Need to know: London- and Manchester-based Emu Films has made its name with low-budget festival favourites including The Goob, Catch Me Daddy, Jawbone and Dirty God. Now the company, which also has a commercials arm called Emu Associates, is stepping up a gear with key hires including producer Louise Palmkvist from Zentropa, and a development slate packed with ambitious projects, including Emu’s first foray into television.
Key personnel: Mike Elliott, Jim Mooney, Walli Ullah, co-founders; Laia Senserrich, head of development.
Incoming: Julian Jarrold’s Sulphur And White is now in post and Steve McQueen’s untitled BBC TV series about a group of friends and their families growing up in west london in the 1970s is set to shoot in spring 2019. Elliott hopes to shoot several feature projects next year, including Gonzalo Lopez’s existential hitman drama featuring Ian McShane; Terence Davies’ Siegfried Sassoon film Benediction, which is now being cast; and Giovanni Maderna’s father-and-son drama Paolo’s Battle Against The Zombies, which will be an Italian co-production (the latter two are being developed with the BFI). Also in development is playwright Anthony Neilson’s Psychics for which Emu has given backer Film4 a shooting draft. The company is now closing the finance on Mitch Jenkins’The Show, based on an original story by Alan Moore about Buddhists and a 1970s cabaret club set in Northampton, and starring Tom Burke and Siobhan Hewlett.

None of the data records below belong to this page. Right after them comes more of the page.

(* Let $p$ be a nonnegative integer. Every subcubic tree with $p$ leaves contains $\lfloor p/2\rfloor$ pairwise vertex-disjoint leaf-to-leaf paths.
   Context: A graph is subcubic if every vertex has degree at most $3$. A leaf-to-leaf path in a tree is a path whose two endvertices are distinct leaves of the tree. *)

(* finite simple graphs as symmetric irreflexive relations. *)
From mathcomp Require Import all_boot.
Set Implicit Arguments. Unset Strict Implicit. Unset Printing Implicit Defensive.

Section Graphs.
Variables (T : finType) (e : rel T).

Definition deg (x : T) : nat := #|[set y | e x y]|.

Definition leaf (x : T) : bool := deg x == 1.

Definition leaves : {set T} := [set x | leaf x].

Definition subcubic : Prop := forall x, deg x <= 3.

Definition has_cycle : Prop :=
  exists c : seq T, [/\ 3 <= size c, uniq c & cycle e c].

Definition is_tree : Prop :=
  [/\ 0 < #|T|, (forall x y, connect e x y) & ~ has_cycle].

Definition leaf_to_leaf_path (q : seq T) : bool :=
  if q is x :: s then
    [&& path e x s, uniq q, leaf x, leaf (last x s) & x != last x s]
  else false.

Definition vdisjoint (a b : seq T) : bool := all (fun x => x \notin b) a.

End Graphs.

From mathcomp Require Import all_boot.
Set Implicit Arguments.
Unset Strict Implicit.
Unset Printing Implicit Defensive.

(** We prove the stronger statement for a subtree S with a set L of terminals
    of degree at most 2 in S (initially the leaves): S contains [|L|/2]
    disjoint paths joining terminals. Induct on |S| and take a pendant vertex
    x0 of S, with neighbour x1. If x0 is not a terminal, delete it. If x0 and
    x1 are both terminals, use the path x0 x1 and delete both; since x1 has
    degree at most 2, what remains is connected. Otherwise delete x0 and make
    x1 a terminal instead: it loses a neighbour, so subcubicity gives it
    degree at most 2, and the path ending at x1, if any, is extended to x0. *)

Section Paths.
Variables (T : finType) (r : rel T).

Lemma deg_subrel (r' : rel T) x : subrel r r' -> deg r x <= deg r' x.
Proof.
by move=> rr'; apply: subset_leq_card; apply/subsetP => y; rewrite !inE => /rr'.
Qed.

Lemma two_neighbors_deg v a b : r v a -> r v b -> a != b -> 1 < deg r v.
Proof. by move=> va vb ab; apply/card_gt1P; exists a, b; rewrite !inE. Qed.

Lemma longest_path x0 s0 : path r x0 s0 -> uniq (x0 :: s0) ->
  exists x s, [/\ path r x s, uniq (x :: s) &
    forall y t, path r y t -> uniq (y :: t) -> size t <= size s].
Proof.
pose P n := [exists t : n.+1.-tuple T, path r (thead t) (behead t) && uniq t].
have P_size y t : path r y t -> uniq (y :: t) -> P (size t).
  by move=> yt ut; apply/existsP; exists (in_tuple (y :: t)); rewrite /= yt.
have P_bound n : P n -> n <= #|T|.
  case/existsP => t /andP[_ ut]; apply: ltnW.
  by rewrite -(size_tuple t) -(card_uniqP ut) max_card.
move=> ps us; case: (@ex_maxnP P _ (ex_intro P _ (P_size _ _ ps us)) P_bound).
move=> n /existsP[[[|x s] //= sz]] /andP[pxs uxs] longest.
exists x, s; split=> // y t yt ut.
by rewrite -ltnS (eqP sz); apply/longest/(P_size y).
Qed.

Hypotheses (r_sym : symmetric r) (r_acyclic : ~ has_cycle r).

Lemma acyclic_chord x s u : path r x s -> uniq (x :: s) ->
  u \in s -> r x u -> u = head x s.
Proof.
move=> pxs uxs us xu; case/splitPr: us pxs uxs => s1 s2.
case: s1 => [|y s1] // pxs uxs; exfalso; apply: r_acyclic.
exists (x :: rcons (y :: s1) u); split.
- by rewrite /= size_rcons.
- apply: subseq_uniq uxs; rewrite -cats1 -!cat_cons.
  by apply: cat_subseq; rewrite /= !eqxx ?sub0seq ?subseq_refl.
- rewrite /cycle rcons_path rcons_path /= last_rcons.
  by move: pxs; rewrite cat_path /= => /and3P[-> -> _]; rewrite r_sym xu.
Qed.

End Paths.

Section TerminalPaths.
Variable T : finType.
Implicit Types (r : rel T) (L : {set T}) (q : seq T).

Definition terminal_path r L q :=
  if q is x :: s then
    [&& path r x s, uniq q, x \in L, last x s \in L & x != last x s]
  else false.

Lemma terminal_path_sub r r' L L' q : subrel r r' -> L \subset L' ->
  terminal_path r L q -> terminal_path r' L' q.
Proof.
move=> rr' /subsetP LL'; case: q => [|x s] // /and5P[pxs uxs xL lL xl].
by apply/and5P; split; rewrite ?(sub_path rr' pxs) ?LL'.
Qed.

Definition attach (x0 x1 : T) q :=
  if q is x :: s then
    if x == x1 then x0 :: q else if last x s == x1 then rcons q x0 else q
  else q.

Lemma mem_attach x0 x1 q z :
  z \in attach x0 x1 q -> z \in q \/ z = x0 /\ x1 \in q.
Proof.
case: q => [|x s] //=; case: ifP => [/eqP <-|_].
  by rewrite inE => /predU1P[->|]; [right; rewrite mem_head | left].
case: ifP => [/eqP <-|_]; last by left.
rewrite -rcons_cons mem_rcons inE => /predU1P[->|]; last by left.
by right; rewrite mem_last.
Qed.

Lemma vdisjoint_attach x0 x1 q q' : x0 \notin q -> x0 \notin q' ->
  vdisjoint q q' -> vdisjoint (attach x0 x1 q) (attach x0 x1 q').
Proof.
move=> x0q x0q' /allP qq'; apply/allP => z /mem_attach[zq|[-> x1q]];
  apply/negP => /mem_attach[zq'|[zx0 x1q']].
- by move: (qq' z zq); rewrite zq'.
- by move: x0q; rewrite -zx0 zq.
- by rewrite zq' in x0q'.
- by move: (qq' x1 x1q); rewrite x1q'.
Qed.

Lemma terminal_path_attach r L x0 x1 q : symmetric r -> r x0 x1 ->
  x0 \in L -> x0 \notin q -> terminal_path r (x1 |: (L :\ x0)) q ->
  terminal_path r L (attach x0 x1 q).
Proof.
move=> r_sym x01 x0L; case: q => [|x s] // x0q /and5P[pxs uxs xL lL xl].
have inL z : z != x1 -> z \in x1 |: (L :\ x0) -> z \in L.
  by rewrite !inE => /negbTE-> /andP[].
have x0l : x0 != last x s by apply: contraNneq x0q => ->; rewrite mem_last.
rewrite /attach; case: ifP => [/eqP x_x1 | /negbT x_x1].
  subst x1; apply/and5P; split; rewrite /= ?x01 ?cons_uniq ?x0q //.
  by rewrite inL // eq_sym.
case: ifP => [/eqP l_x1 | /negbT l_x1]; last first.
  by apply/and5P; split; rewrite ?inL.
subst x1; rewrite rcons_cons; apply/and5P; split.
- by rewrite rcons_path pxs r_sym.
- by rewrite -rcons_cons rcons_uniq x0q.
- by rewrite inL // eq_sym.
- by rewrite last_rcons.
- by rewrite last_rcons; apply: contraNneq x0q => ->; rewrite mem_head.
Qed.

End TerminalPaths.

Section InducedSubgraphs.
Variables (T : finType) (e : rel T).
Hypotheses (e_sym : symmetric e) (e_irr : irreflexive e).
Hypotheses (e_acyclic : ~ has_cycle e) (e_subcubic : subcubic e).
Implicit Types (S L : {set T}).

Definition induced S : rel T := fun x y => [&& x \in S, y \in S & e x y].

Lemma induced_sym S : symmetric (induced S).
Proof. by move=> x y; rewrite /induced e_sym; do 2 case: (_ \in S). Qed.

Lemma induced_irr S : irreflexive (induced S).
Proof. by move=> x; rewrite /induced e_irr !andbF. Qed.

Lemma induced_sub S : subrel (induced S) e.
Proof. by move=> x y /and3P[]. Qed.

Lemma induced_subset S S' : S' \subset S -> subrel (induced S') (induced S).
Proof. by move=> /subsetP SS' x y /and3P[/SS' xS /SS' yS xy]; apply/and3P. Qed.

Lemma induced_acyclic S : ~ has_cycle (induced S).
Proof.
case=> c [c3 uc cc]; apply: e_acyclic; exists c.
by split=> //; apply: sub_cycle cc; apply: induced_sub.
Qed.

Lemma induced_path_sub S x s : path (induced S) x s -> {subset s <= S}.
Proof.
elim: s x => [|y s IHs] x //= /andP[/and3P[_ yS _] pys] z.
by rewrite inE => /predU1P[-> // |]; apply: IHs pys z.
Qed.

Lemma deg_induced_subset S S' x :
  S' \subset S -> deg (induced S') x <= deg (induced S) x.
Proof. by move=> SS'; apply/deg_subrel/induced_subset. Qed.

Lemma deg_induced_setD1 S u v :
  induced S u v -> deg (induced (S :\ v)) u < deg (induced S) u.
Proof.
move=> uv; apply: proper_card; apply/properP; split.
  by apply/subsetP => y; rewrite !inE; apply/induced_subset/subsetDl.
by exists v; rewrite !inE // /induced setD11 andbF.
Qed.

Definition connected_in S := {in S &, forall x y, connect (induced S) x y}.

(* A vertex inside a shortest path has two distinct neighbours on it. *)
Lemma connected_in_setD1 S v :
  connected_in S -> deg (induced S) v <= 1 -> connected_in (S :\ v).
Proof.
move=> connS deg_v x y; rewrite !inE => /andP[xv xS] /andP[yv yS].
have /connectP[p pxp y_last] := connS x y xS yS; move: yv; rewrite {y yS}y_last.
case: (shortenP pxp) => q pxq uxq _ lv {p pxp}.
have vq : v \notin q.
  apply/negP => vq; case/splitPr: vq pxq uxq lv => q1 [|z q2].
    by rewrite last_cat eqxx.
  rewrite cat_path -cat_cons cat_uniq => /andP[_ /andP[av /andP[vz _]]].
  case/and3P=> _ /hasPn disj _ _; have /disj zq1 : z \in [:: v, z & q2].
    by rewrite !inE eqxx orbT.
  have az : last x q1 != z by apply: contraNneq zq1 => <-; rewrite mem_last.
  have va : induced S v (last x q1) by rewrite induced_sym.
  by have := two_neighbors_deg va vz az; rewrite ltnNge deg_v.
have qS := induced_path_sub pxq; apply/connectP; exists q => //.
apply: (sub_in_path (P := mem (S :\ v))) pxq.
  by move=> a b aSv bSv /induced_sub ab; apply/and3P.
apply/allP => z; rewrite inE => /predU1P[-> | zq]; apply/setD1P; split=> //.
  by apply: contraNneq vq => <-.
exact: qS.
Qed.

(* The first vertex of a longest path is pendant. *)
Lemma exists_pendant S : connected_in S -> 1 < #|S| ->
  exists x0 x1, forall y, induced S x0 y = (y == x1).
Proof.
move=> connS /card_gt1P[a [b [aS bS ab]]].
have [c ac] : exists c, induced S a c.
  have /connectP[[|c p] /= pab b_last] := connS a b aS bS.
    by rewrite b_last eqxx in ab.
  by exists c; case/andP: pab.
have ac_path : path (induced S) a [:: c] by rewrite /= ac.
have ac_uniq : uniq [:: a; c].
  by rewrite /= inE andbT; apply: contraTneq ac => ->; rewrite induced_irr.
have [x [[|x1 s] [pxs uxs longest]]] := longest_path ac_path ac_uniq.
  by have := longest _ _ ac_path ac_uniq.
exists x, x1 => y; apply/idP/eqP => [xy | ->]; last by case/andP: pxs.
have [ys | yNs] := boolP (y \in x1 :: s).
  exact: (acyclic_chord (@induced_sym S) (@induced_acyclic S) pxs uxs ys xy).
have yx : y != x by apply: contraTneq xy => ->; rewrite induced_irr.
have pyx : path (induced S) y [:: x, x1 & s] by apply/andP; rewrite induced_sym.
have uyx : uniq [:: y, x, x1 & s].
  by rewrite cons_uniq uxs andbT in_cons negb_or yx.
by have := longest _ _ pyx uyx; rewrite ltnn.
Qed.

Definition packable S L := exists P : seq (seq T),
  [/\ size P = #|L|./2, all (terminal_path (induced S) L) P &
      pairwise (@vdisjoint T) P].

Lemma terminal_path_induced_sub S L q :
  terminal_path (induced S) L q -> {subset q <= S}.
Proof.
case: q => [|x s] // /and5P[pxs _ _ _ xl] z.
rewrite inE => /predU1P[-> | zs]; last exact: (induced_path_sub pxs zs).
by case: s pxs xl => [|y s] /=; [rewrite eqxx | case/andP => /and3P[]].
Qed.

Lemma packable_small S L : #|L| <= 1 -> packable S L.
Proof. by move=> L_le1; exists [::]; split=> //; case: #|L| L_le1 => [|[]]. Qed.

Lemma packable_subset S S' L : S' \subset S -> packable S' L -> packable S L.
Proof.
move=> SS' [P [sizeP pathsP disjP]]; exists P; split => //.
apply: sub_all pathsP => q.
exact: terminal_path_sub (induced_subset SS') (subxx L).
Qed.

Lemma packable_cons S L x0 x1 : induced S x0 x1 -> x0 \in L -> x1 \in L ->
  packable (S :\ x0 :\ x1) (L :\ x0 :\ x1) -> packable S L.
Proof.
move=> x01 x0L x1L [P [sizeP pathsP disjP]].
have x0x1 : x0 != x1 by apply: contraTneq x01 => ->; rewrite induced_irr.
have outP q : q \in P -> (x0 \notin q) && (x1 \notin q).
  move=> /(allP pathsP)/terminal_path_induced_sub qS.
  by apply/andP; split; apply/negP => /qS; rewrite !inE eqxx ?andbF.
exists ([:: x0; x1] :: P); split.
- rewrite /= sizeP (cardsD1 x0 L) (cardsD1 x1 (L :\ x0)) x0L !inE x1L.
  by rewrite eq_sym x0x1.
- apply/andP; split; first by apply/and5P; split; rewrite /= ?x01 ?inE ?x0x1.
  have sub2 A : A :\ x0 :\ x1 \subset A.
    exact: subset_trans (subsetDl _ _) (subsetDl _ _).
  apply: sub_all pathsP => q.
  exact: terminal_path_sub (induced_subset (sub2 S)) (sub2 L).
- by rewrite pairwise_cons disjP andbT; apply/allP => q /outP; rewrite /= andbT.
Qed.

Lemma packable_attach S L x0 x1 : induced S x0 x1 -> x0 \in L -> x1 \notin L ->
  packable (S :\ x0) (x1 |: (L :\ x0)) -> packable S L.
Proof.
move=> x01 x0L x1L [P [sizeP pathsP disjP]].
have x0P q : q \in P -> x0 \notin q.
  move=> /(allP pathsP)/terminal_path_induced_sub qS.
  by apply/negP => /qS; rewrite !inE eqxx.
exists (map (attach x0 x1) P); split.
- by rewrite size_map sizeP cardsU1 (cardsD1 x0 L) x0L !inE negb_and x1L orbT.
- rewrite all_map; apply/allP => q qP /=.
  apply: terminal_path_attach (@induced_sym S) x01 x0L (x0P q qP) _.
  have /allP/(_ q qP) := pathsP.
  exact: terminal_path_sub (induced_subset (subsetDl _ _)) (subxx _).
- rewrite pairwise_map.
  apply: (sub_in_pairwise (P := [pred q | x0 \notin q])) disjP.
    by move=> q q'; apply: vdisjoint_attach.
  exact/allP.
Qed.

Lemma terminal_packing S L : connected_in S -> L \subset S ->
  {in L, forall x, deg (induced S) x <= 2} -> packable S L.
Proof.
have [n] := ubnP #|S|; elim: n S L => // n IH S L S_lt connS LS deg_L.
have [S_le1 | S_gt1] := leqP #|S| 1.
  by apply: packable_small; apply: leq_trans (subset_leq_card LS) S_le1.
have [x0 [x1 nbr_x0]] := exists_pendant connS S_gt1.
have x01 : induced S x0 x1 by rewrite nbr_x0.
have [x0S x1S _] := and3P x01.
have x0x1 : x0 != x1 by rewrite -nbr_x0 induced_irr.
have deg_x0 : deg (induced S) x0 <= 1.
  by rewrite /deg -(cards1 x1); apply/eq_leq/eq_card => y; rewrite !inE nbr_x0.
have conn0 := connected_in_setD1 connS deg_x0.
have S0_lt : #|S :\ x0| < n.
  by move: S_lt; rewrite (cardsD1 x0 S) x0S.
have S0S : S :\ x0 \subset S := subsetDl _ _.
have deg_L0 S' : S' \subset S -> {in L, forall x, deg (induced S') x <= 2}.
  by move=> S'S x /deg_L; apply: leq_trans (deg_induced_subset x S'S).
have [x0L | x0L] := boolP (x0 \in L); last first.
  apply: (packable_subset S0S); apply: IH S0_lt conn0 _ (deg_L0 _ S0S).
  by rewrite subsetD1 LS.
have deg_x1 : deg (induced (S :\ x0)) x1 < deg (induced S) x1.
  by apply: deg_induced_setD1; rewrite induced_sym.
have [x1L | x1L] := boolP (x1 \in L).
  apply: (packable_cons x01 x0L x1L); apply: IH.
  - exact: leq_ltn_trans (subset_leq_card (subsetDl _ _)) S0_lt.
  - apply: connected_in_setD1 conn0 _.
    by rewrite -ltnS; apply: leq_trans deg_x1 (deg_L _ x1L).
  - by do 2 apply: setSD.
  - move=> x /setD1P[_ /setD1P[_ xL]]; apply: deg_L0 xL.
    exact: subset_trans (subsetDl _ _) S0S.
apply: (packable_attach x01 x0L x1L); apply: IH S0_lt conn0 _ _.
  by rewrite subUset sub1set setSD // !inE eq_sym x0x1 x1S.
move=> x; rewrite !inE => /predU1P[-> | /andP[_ xL]]; last exact: deg_L0 xL.
rewrite -ltnS; apply: leq_trans deg_x1 (leq_trans _ (e_subcubic x1)).
exact/deg_subrel/induced_sub.
Qed.

End InducedSubgraphs.

Theorem lemma5 (p : nat) (T : finType) (e : rel T)
    (e_sym : symmetric e) (e_irr : irreflexive e)
    (tree : is_tree e) (sc : subcubic e)
    (hp : #|leaves e| = p) :
  exists P : seq (seq T),
    [/\ size P = p./2,
        all (leaf_to_leaf_path e) P &
        pairwise (@vdisjoint T) P].
Proof.
case: tree => _ e_conn e_acyclic.
have induced_setT : induced e setT =2 e by move=> x y; rewrite /induced !inE.
have [|||P [sizeP pathsP disjP]] :=
  @terminal_packing _ _ e_sym e_irr e_acyclic sc setT (leaves e).
- by move=> x y _ _; rewrite (eq_connect induced_setT).
- exact: subsetT.
- move=> x; rewrite inE => /eqP leaf_x.
  by rewrite -leaf_x (leq_trans (deg_subrel x (@induced_sub _ e setT))).
exists P; split => //; first by rewrite sizeP hp.
apply: sub_all pathsP => -[|x s] //.
by move/(terminal_path_sub (@induced_sub _ e setT) (subxx _)); rewrite /= !inE.
Qed.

Mike Elliott says: “We’re trying to make bigger versions of what we do. [Catch Me Daddy director] Daniel Wolfe’s Sapphire is set in China and is very distinctive in the way the Wolfe brothers work. We are trying to explore more private-equity opportunities, which is only possible when you have a track record. We’re trying to see how we can grow with some of those filmmakers.”